I don't think I need to invite any additional contesting that I'm already going to get with this, but that example statement on its own I believe is actually true, just misleading; i.e. fatness is not an illness, so fat people by default still count as just plain healthy.
Matter of fact, that's kind of the whole point of this mantra. To stretch the fact as far as it goes, in a genie wish type of way, as usual, and repurpose it into something else.
And so the actual issue with it is that it handwaves away the rigorously measured and demonstrated effect of fatness seriously increasing risk factors for illnesses and severely negative health outcomes. This is how it can be misleading, but not an outright lie. So I'm not sure this is a good example sentence for the topic at hand.
dawnofdusk
It's not that troubling because we should not think that human psychology is inherently optimized (on the individual-level, on a population-/ecological-level is another story).

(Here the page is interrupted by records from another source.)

Section Method31Run.
Variables (R : realType) (n : nat) (f F : 'rV[R]_n -> R) (xstar : 'rV[R]_n)
  (G : nat -> set 'rV[R]_n) (M : nat -> set ('rV[R]_n * R))
  (v1 : 'rV[R]_n * R) (v2 : 'rV[R]_n) (alpha q1 q2 : R)
  (y : nat -> 'rV[R]_n) (gam : nat -> R)
  (z1 : nat -> 'rV[R]_n * R) (qq1 : nat -> R) (B : nat -> seq ('rV[R]_n * R))
  (z2 : nat -> 'rV[R]_n) (qq2 : nat -> R) (A : nat -> seq 'rV[R]_n).
Hypothesis run : method31_run f F G M v1 v2 alpha q1 q2 y gam z1 qq1 B z2 qq2 A.
Hypothesis xstar_opt : Xstar f F xstar.
Hypothesis G0_xstar : G 0 xstar.
Hypothesis epi_sub_M0 : epi f `<=` M 0.
Hypothesis alpha_le : forall x, G 0 x -> alpha <= f x.

Lemma M_nonincreasing : nonincreasing_seq M.
Proof.
apply/nonincreasing_seqP => i; apply/subsetPset.
by have [_ [_ [_ [[_ _ ->] _]]]] := run i => u [].
Qed.

Lemma G_nonincreasing : nonincreasing_seq G.
Proof.
apply/nonincreasing_seqP => i; apply/subsetPset.
have [_ [_ [_ [_ [GD GnD]]]]] := run i.
have [Dy|Dy] := pselect (feasible F (y i)); first by rewrite GD.
by have [_ [_ _ ->]] := GnD Dy => x [].
Qed.

Lemma epi_sub_M i : epi f `<=` M i.
Proof.
elim: i => // i IH; have [_ [_ [_ [[_ BW ->] _]]]] := run i.
by move=> u epi_u; split=> [|b /BW [_]]; [exact: IH | exact].
Qed.

Lemma G_xstar i : G i xstar.
Proof.
elim: i => // i IH; have [_ [_ [_ [_ [GD GnD]]]]] := run i.
have [Dy|Dy] := pselect (feasible F (y i)); first by rewrite GD.
have [_ [_ AW ->]] := GnD Dy; split=> // a /AW [_]; apply; exact: xstar_opt.1.
Qed.

Lemma gam_le_fxstar i : gam i <= f xstar.
Proof.
have [[_ _ _ gam_min] _] := run i.
apply: gam_min; last exact: alpha_le.
  by apply: epi_sub_M; exact: lexx.
exact: G_xstar.
Qed.

Lemma run_epi_cuts : interior (epi f) v1 ->
  exists2 r, 0 < r & forall i j, (i < j)%N ->
    cut_step (epi f) n.+1%:R r q1 v1 (y i, gam i) (y j, gam j).
Proof.
case/W1_margin => r r0 margin; exists r => // i j ij; right.
have [_ [_ [[[t [t01 z1E]] _ /andP[q_ge1 q_le] epi_q] [[Bne BW MS] _]]]] :=
  run i.
have [b Bb] : exists b, b \in B i.
  by case: (B i) Bne => // b s _; exists b; rewrite inE eqxx.
have [b1 bW] := BW b Bb.
exists (pdot b), t; split=> //; rewrite -z1E; split.
- by move=> w; exact: penorm1_pdot_le.
- exact: margin.
- have [[Mj _ _ _] _] := run j.
  move/subsetPset: (M_nonincreasing ij) => /(_ _ Mj).
  by rewrite MS => -[_]; apply.
- by exists (qq1 i); rewrite // q_le (le_trans ler01).
Qed.

Lemma run_feasible_cuts : interior (feasible F) v2 ->
  exists2 r, 0 < r & forall i j, (i < j)%N ->
    cut_step (feasible F) n%:R r q2 v2 (y i) (y j).
Proof.
case/W2_margin => r r0 margin; exists r => // i j ij.
have [Dy|Dy] := pselect (feasible F (y i)); [by left | right].
have [_ [_ [_ [_ [_ /(_ Dy) cut]]]]] := run i.
have [[[t [t01 z2E]] _ /andP[q_ge1 q_le] Dq] [Ane AW GS]] := cut.
have [a Aa] : exists a, a \in A i.
  by case: (A i) Ane => // a s _; exists a; rewrite inE eqxx.
have [a1 aW] := AW a Aa.
exists (dot a), t; split=> //; rewrite -z2E; split.
- by move=> w; exact: enorm1_dot_le.
- exact: margin.
- have [[_ Gj _ _] _] := run j.
  move/subsetPset: (G_nonincreasing ij) => /(_ _ Gj).
  by rewrite GS => -[_]; apply.
- by exists (qq2 i); rewrite // q_le (le_trans ler01).
Qed.
End Method31Run.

LLM behavior is optimized, so it's not unreasonable that it lies on a Pareto front, which means improving in one area necessarily means underperforming in another.
gleenn
I feel quite the opposite, I feel like our behavior is definitely optimized based on evolution and societal pressures. How is human psychological evolution not adhering to some set of fitness functions that are some approximation of the best possible solution to a multi-variable optimization space that we live in?
rkagerer
They were all trained from the internet.
Anecdotally, people are jerks on the internet moreso than in person. That's not to say there aren't warm, empathetic places on the 'net. But on the whole, I think the anonymity and lack of visual and social cues that would ordinarily arise from an interactive context, doesn't seem to make our best traits shine.
xp84
Somehow I am not convinced that this is so true. Most of the BS on the Internet is on social media (and maybe, among older data, on the old forums which existed mainly for social reasons and not to explore and further factual knowledge).
Even Reddit comments has far more reality-focused material on the whole than it does shitposting and rudeness. I don't think any of these big models were trained at all on 4chan, youtube comments, instagram comments, Twitter, etc. Or even Wikipedia Talk pages. It just wouldn't add anything useful to train on that garbage.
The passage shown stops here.